6 min read

Phylogenetic diversity in R

This is my reading notes for Functional and Phylogenetic Ecology in R by Nathan Swenson. All credits go to Nate.
If you do not have time, just jump to the sum up part at the end.
This post will be updated later when I learn more about this topic.

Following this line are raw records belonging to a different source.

Theorem lemma4 (R : realFieldType) (m p l : nat) (phi : R -> R)
    (K : 'I_l.+1 -> 'M[R]_(p, m)) (b : 'cV[R]_p)
    (Q : 'M[R]_p) (S : 'M[R]_(p, m)) (Rm : 'M[R]_m)
    (E : 'M[R]_(l * m)) :
  slope_restricted01 phi ->
  Q^T = Q -> Rm^T = Rm ->
  E \in unitmx ->
  (exists (P : 'M[R]_(l * m)) (Lam : 'M[R]_p),
      posdefmx P /\ is_diag_mx Lam /\ posdefmx Lam /\
      psdmx (lmi_mx (E *m convA R m l *m invmx E) (E *m convB R m l)
                    (convC K *m invmx E) (convD K) P Lam Q S Rm)) ->
  incr_dissipative (conv_layer phi K b) Q S Rm.
Proof.
move=> slope_phi _ _ unitE [P [Lam [posP [diagLam [posLam psd_lmi]]]]] N _ wa wb.
pose u k := wa k - wb k.
pose v k := \sum_(j < l.+1) K j *m past_input u k j.
have v_diff k : (b + \sum_(j < l.+1) K j *m past_input wa k j)
              - (b + \sum_(j < l.+1) K j *m past_input wb k j) = v k.
  rewrite /v opprD addrACA subrr add0r -sumrB.
  by apply: eq_bigr => j _; rewrite past_inputB mulmxBr.
apply: (lmi_dissipative posLam.1 psd_lmi (u := u) (v := v)
          (y := fun k => conv_layer phi K b wa k - conv_layer phi K b wb k)).
- exact: posdefmx_psd.
- exact/zero_state_trajectory_similar/conv_state_trajectory.
- move=> k; rewrite !conv_layerE -v_diff.
  by apply: sector_form_ge0 => // i; apply/psdmx_diag_ge0/posdefmx_psd.
Qed.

Chapter 3: Phylogenetic diversity

  • Plant names do not contain detailed information about their evolution history. We need phylogenetic trees.
  • Assume phylogenetic niche conservatism, community assembly via abiotic filtering should restult in phylogenetic underdispersion (clustering); while community assembly via biotic interactions should result in phylogenetic overdispersion.
  • Under phyloenetic niche conservatism, close species share similar functional trait. But this assumption is not robust.
  • We often use phylogenetic diversity (PD) to ask whether the observed PD higher or lower than those PDs from null communities with the same species diversity. Higher: usually competition, but can also caused by environmental filtering. Lower: usually infer to as environmental filtering.

Get data at here.

# sep='\t' in the book does not work here.
pa.matrix = read.table("data/pa.matrix.txt", sep = " ", header = T, row.names = 1)
abund.matrix = read.table("data/abund.matrix.txt", sep = " ", header = T, row.names = 1)
ra.matrix = read.table("data/ra.matrix.txt", sep = " ", header = T, row.names = 1)
library(picante)
my.3.sample = readsample("data/matrix.3col.txt")
writesample(ra.matrix, "data/my.new.3col.data.txt")

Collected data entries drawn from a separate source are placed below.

Lemma row_frame c m : row m (frame c) = c m *: v m.
Proof. by apply/rowP => k; rewrite !mxE. Qed.

Lemma pair_frame c (e : 'rV[R]_4) m : (e *m (frame c)^T) 0 m = c m * pair e (v m).
Proof. by rewrite !mxE pairE big_distrr; apply: eq_bigr => x _; rewrite !mxE mulrCA. Qed.

Lemma frame_unit c : (forall m, c m != 0) -> frame c \in unitmx.
Proof.
move=> c_neq0; rewrite unitmxE unitfE -det_tr; apply/negP; case/det0P => e e_neq0 eW.
case: tetra => _ [_ [not_coplanar _]]; apply: not_coplanar; exists e; split => // m.
have /eqP := pair_frame c e m; rewrite eW mxE eq_sym mulf_eq0 (negbTE (c_neq0 m)).
by move/eqP.
Qed.

Lemma tetra_signs : exists c : 'I_4 -> R, (forall m, c m != 0) /\
  forall m j k, j != m -> k != m -> 0 < c j * G m j * (c k * G m k).
Proof.
case: tetra => _ [_ [_ [c [c_neq0 interior]]]]; exists c; split => // m j k jm km.
apply: (positive_combination_sign (w := fun x => c x * G m x)) => [a a_gt0||].
- have := interior a a_gt0 m; rewrite /tpoint pair_sum.
  by under eq_bigr => x _ do rewrite -mulrA.
- by rewrite mulf_neq0 ?ev_neq0 // eq_sym.
- by rewrite mulf_neq0 ?ev_neq0 // eq_sym.
Qed.

End Tetrahedron.

Section InscribingForm.
Variables (R : rcfType) (v eta : 'I_4 -> 'rV[R]_4).
Local Notation G := (ev v eta).
Variables (c : 'I_4 -> R) (N : 'M[R]_4) (lam : 'I_4 -> R).
Hypotheses (W_unit : frame v c \in unitmx) (c_neq0 : forall m, c m != 0)
  (N_sym : N^T = N) (N_diag : forall i, N i i = 0) (N_lt0 : forall i j, i != j -> N i j < 0)
  (lam_neq0 : forall i, lam i != 0) (G_factor : forall i j, c j * G i j = lam i * N i j).
Local Notation W := (frame v c).

(* The Gram matrix of this form in the basis (c_m v_m) is N. *)
Definition inscribing_form : 'M[R]_4 := invmx W *m N *m (invmx W)^T.
Local Notation B := inscribing_form.

Lemma inscribing_form_sym : B^T = B.
Proof. by rewrite /B !trmx_mul trmxK N_sym mulmxA. Qed.

Lemma congruent_inscribing_form : congruent B N.
Proof.
exists W; split => //.
by rewrite /B !mulmxA mulmxV // mul1mx -mulmxA -trmx_mul mulmxV // trmx1 mulmx1.
Qed.

Lemma bform_inscribingE x y :
  bform B x y = ((x *m invmx W) *m N *m (y *m invmx W)^T) 0 0.
Proof. by rewrite /bform /B trmx_mul !mulmxA. Qed.

Lemma vertex_invframe m : v m *m invmx W = (c m)^-1 *: 'e_m.
Proof.
have -> : v m = (c m)^-1 *: ('e_m *m W) by rewrite -rowE row_frame scalerA mulVf ?scale1r.
by rewrite -scalemxAl mulmxK.
Qed.

Lemma vertex_inscribing_form m : v m *m B = (c m)^-1 *: (row m N *m (invmx W)^T).
Proof. by rewrite /B !mulmxA vertex_invframe -!scalemxAl -rowE. Qed.

Lemma bform_inscribing i j : bform B (v i) (v j) = (c i)^-1 * (c j)^-1 * N i j.
Proof.
rewrite bform_inscribingE !vertex_invframe linearZ /= -scalemxAr -!scalemxAl.
by rewrite -rowE trmx_delta -colE !mxE mulrCA mulrA.
Qed.

Lemma inscribing_form_nonradical m : v m *m B != 0.
Proof.
rewrite vertex_inscribing_form scaler_eq0 invr_eq0 negb_or c_neq0 /=.
apply/eqP => rowNW0.
have : row m N = row m N *m (invmx W)^T *m W^T.
  by rewrite -mulmxA -trmx_mul mulmxV // trmx1 mulmx1.
rewrite rowNW0 mul0mx => /rowP/(_ (lift m ord0)); rewrite !mxE => Nm0.
by have := N_lt0 (neq_lift m ord0); rewrite Nm0 ltxx.
Qed.

Lemma eta_inscribing m : eta m = (lam m * c m) *: (v m *m B).
Proof.
have etaW : eta m *m W^T = lam m *: row m N.
  by apply/rowP => k; rewrite pair_frame G_factor !mxE.
rewrite vertex_inscribing_form scalerA mulfK // scalemxAl -etaW.
by rewrite -mulmxA -trmx_mul mulVmx // trmx1 mulmx1.
Qed.

Lemma inscribed_inscribing_form : inscribed_in B v eta.
Proof.
split; [|split; [|split]].
- exists c; split => // a a_gt0.
  have -> : tpoint v c a = (\row_k a k) *m W.
    rewrite mulmx_sum_row /tpoint; apply: eq_bigr => k _.
    by rewrite row_frame mxE scalerA.
  by rewrite bform_inscribingE mulmxK //; apply: hollow_form_lt0 => // k; rewrite mxE.
- by move=> m; rewrite bform_inscribing N_diag mulr0.
- exact: inscribing_form_nonradical.
- by move=> m; exists (lam m * c m); rewrite mulf_neq0 // eta_inscribing.
Qed.

Lemma inscribing_form_signature (s : {perm 'I_4}) :
  (0 < j_sigma v eta s -> hyperbolic_form B) /\ (j_sigma v eta s < 0 -> AdS_form B) /\
  (j_sigma v eta s = 0 -> halfpipe_form B).
Proof.
have N_symE i j : N i j = N j i by rewrite -[in LHS]N_sym mxE.
have N_perm_lt0 x y : x != y -> N (s x) (s y) < 0.
  by move=> xy; rewrite N_lt0 // (inj_eq perm_inj).
have G_factorE i j : G i j = lam i * N i j * (c j)^-1 by rewrite -G_factor mulrC mulKf.
have j_disc := factored_j_sigma (M := fun i j => N i j) lam_neq0
  (fun i => invr_neq0 (c_neq0 i)) N_symE (fun i j ij => ltr0_neq0 (N_lt0 ij)) G_factorE s.
have sg_j : Num.sg (j_sigma v eta s) = - Num.sg (hollow_disc (N (s o0) (s o1))
    (N (s o0) (s o2)) (N (s o0) (s o3)) (N (s o1) (s o2)) (N (s o1) (s o3)) (N (s o2) (s o3))).
  have := congr1 Num.sg j_disc; rewrite sgrM sgrN [Num.sg (4 * _)]gtr0_sg ?mulr1 //.
  by apply: mulr_gt0 => //; rewrite exprn_even_gt0 //= mulf_neq0 // ltr0_neq0 // N_perm_lt0.
apply: signature_of_sg; first exact: inscribing_form_sym.
rewrite sg_j; apply: congruent_trans congruent_inscribing_form _.
apply: congruent_trans (congruent_perm N s) _.
by rewrite hollow4_perm //; apply: hollow4_congruent_sg; exact: N_perm_lt0.
Qed.

End InscribingForm.

Section Inscribed.
Variables (R : rcfType) (v eta : 'I_4 -> 'rV[R]_4).
Hypothesis tetra : tetra_of_flags v eta.

Lemma inscribed_tetra_form :
  inscribed_tetra v eta -> exists B : 'M[R]_4, B^T = B /\ inscribed_in B v eta.
Proof. by case=> [|[|]] [B [[symB _] insc]]; exists B. Qed.

Lemma inscribed_gram_factor : inscribed_tetra v eta ->
  exists (lam : 'I_4 -> R) (M : 'I_4 -> 'I_4 -> R),
  [/\ forall i, lam i != 0, forall i j, M i j = M j i, forall i j, i != j -> M i j != 0
    & forall i j, ev v eta i j = lam i * M i j * 1].
Proof.
move=> /inscribed_tetra_form [B [symB [_ [_ [_ eta_tangent]]]]].
have [lam lamP] := fin_all_exists eta_tangent.
have G_factor i j : ev v eta i j = lam i * bform B (v i) (v j) * 1.
  by rewrite /ev /pair /bform; case: (lamP i) => _ ->; rewrite -scalemxAl mxE mulr1.
exists lam, (fun i j => bform B (v i) (v j)); split => [i|i j|i j ij|//].
- by case: (lamP i).
- exact: bform_sym.
- by apply: contraNneq (ev_neq0 tetra ij) => B0; rewrite G_factor B0 mulr0 mul0r.
Qed.

Lemma inscribed_t_sigma : inscribed_tetra v eta -> forall s, t_sigma v eta s = 1.
Proof.
move=> /inscribed_gram_factor [lam [M [lam_neq0 M_sym M_neq0 G_factor]]] s.
exact: factored_t_sigma lam_neq0 (fun _ => oner_neq0 R) M_sym M_neq0 G_factor s.
Qed.

Lemma inscribed_e_sigma : inscribed_tetra v eta -> forall s, e_sigma v eta s = e_op v eta s.
Proof.
move=> /inscribed_gram_factor [lam [M [lam_neq0 M_sym M_neq0 G_factor]]] s.
exact: factored_e_sigma lam_neq0 (fun _ => oner_neq0 R) M_sym M_neq0 G_factor s.
Qed.

Lemma t_sigma_classification :
  (forall s : {perm 'I_4}, ~~ odd_perm s -> t_sigma v eta s = 1) ->
  forall s : {perm 'I_4},
    (0 < j_sigma v eta s -> inscribed_hyperbolic v eta) /\
    (j_sigma v eta s < 0 -> inscribed_AdS v eta) /\
    (j_sigma v eta s = 0 -> inscribed_halfpipe v eta).
Proof.
move=> t1 s; have [c [c_neq0 signs]] := tetra_signs tetra.
have [N [lam [N_sym N_diag N_lt0 lam_neq0 G_factor]]] :=
  negative_gram_factor (ev_diag tetra) (ev_neq0 tetra) c_neq0 signs t1.
have W_unit := frame_unit tetra c_neq0.
have insc : inscribed_in (inscribing_form v c N) v eta.
  exact: (inscribed_inscribing_form (lam := lam)).
have [hyp [ads hp]] :=
  inscribing_form_signature W_unit c_neq0 N_sym N_diag N_lt0 lam_neq0 G_factor s.
split; [|split] => j_sgn; exists (inscribing_form v c N); split => //.
- exact: hyp.
- exact: ads.
- exact: hp.
Qed.

Lemma t_sigma_inscribed :
  (forall s : {perm 'I_4}, ~~ odd_perm s -> t_sigma v eta s = 1) -> inscribed_tetra v eta.
Proof.
move=> /t_sigma_classification /(_ 1%g) [hyp [ads hp]].
by case: (ltrgtP 0 (j_sigma v eta 1)) => [/hyp|/ads|/esym/hp]; [left|right; left|right; right].
Qed.

End Inscribed.

Theorem theorem5p3 (R : rcfType) (v eta : 'I_4 -> 'rV[R]_4) :
  tetra_of_flags v eta ->
  (inscribed_tetra v eta <->
     (forall s : {perm 'I_4}, ~~ odd_perm s -> t_sigma v eta s = 1)) /\
  (inscribed_tetra v eta <->
     (forall s : {perm 'I_4}, ~~ odd_perm s -> e_sigma v eta s = e_op v eta s)) /\
  (inscribed_tetra v eta ->
     forall s : {perm 'I_4}, ~~ odd_perm s ->
       (0 < j_sigma v eta s -> inscribed_hyperbolic v eta) /\
       (j_sigma v eta s < 0 -> inscribed_AdS v eta) /\
       (j_sigma v eta s = 0 -> inscribed_halfpipe v eta)).
Proof.
move=> tetra; have [c [c_neq0 signs]] := tetra_signs tetra.
split; [split|split; [split|]].
- by move=> insc s _; exact: inscribed_t_sigma.
- exact: t_sigma_inscribed tetra.
- by move=> insc s _; exact: inscribed_e_sigma.
- move=> e_sym; apply: (t_sigma_inscribed tetra).
  exact (e_op_triple_ratio (ev_neq0 tetra) c_neq0 signs e_sym).
- move=> insc s _; apply: (t_sigma_classification tetra) => p _.
  exact: inscribed_t_sigma.
Qed.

readsample and writesample functions are nice. But usually, I prefer using melt and dcast function from reshape2 package.

Faith’s index of PD

\(faith=\sum_{i}l_{i}\) is just the sum of branch length of all species in an assemblage. It will correlate with species richness, of course.

my.sample = read.table("data/PD.example.sample.txt", sep = "\t", row.names = 1, 
    header = T)
my.phylo = read.tree("data/PD.example.phylo.txt")
plot(my.phylo)

For the site by species matrix, suppose we want to calculate the Faith’s index for site 1, we can prun the phylo tree first using treedata() from the geiger package.

library(geiger)
treedata(my.phylo, data = t(my.sample[1, my.sample[1, ] > 0]))
# data=names(my.sample[1, my.sample[1,]>0]) in the book does not work.
pruned.tree = treedata(my.phylo, data = t(my.sample[1, my.sample[1, ] > 0]), 
    warnings = F)$phy
sum(pruned.tree$edge.length)  # Faith's index
apply(my.sample, 1, function(x) {
    sum(treedata(my.phylo, x[x > 0])$phy$edge.length, warnings = F)
})

Hey! Why x[x>0] within apply() works but does not when I use it alone, i.e. treedata(my.phylo, my.sample[1,][my.sample[1,]>0])? Well, in order to understand, check out apply(my.sample, 1, identity). The output is identical with t(my.sample)! (but this is not the case for apply(my.sample, 2, idenity))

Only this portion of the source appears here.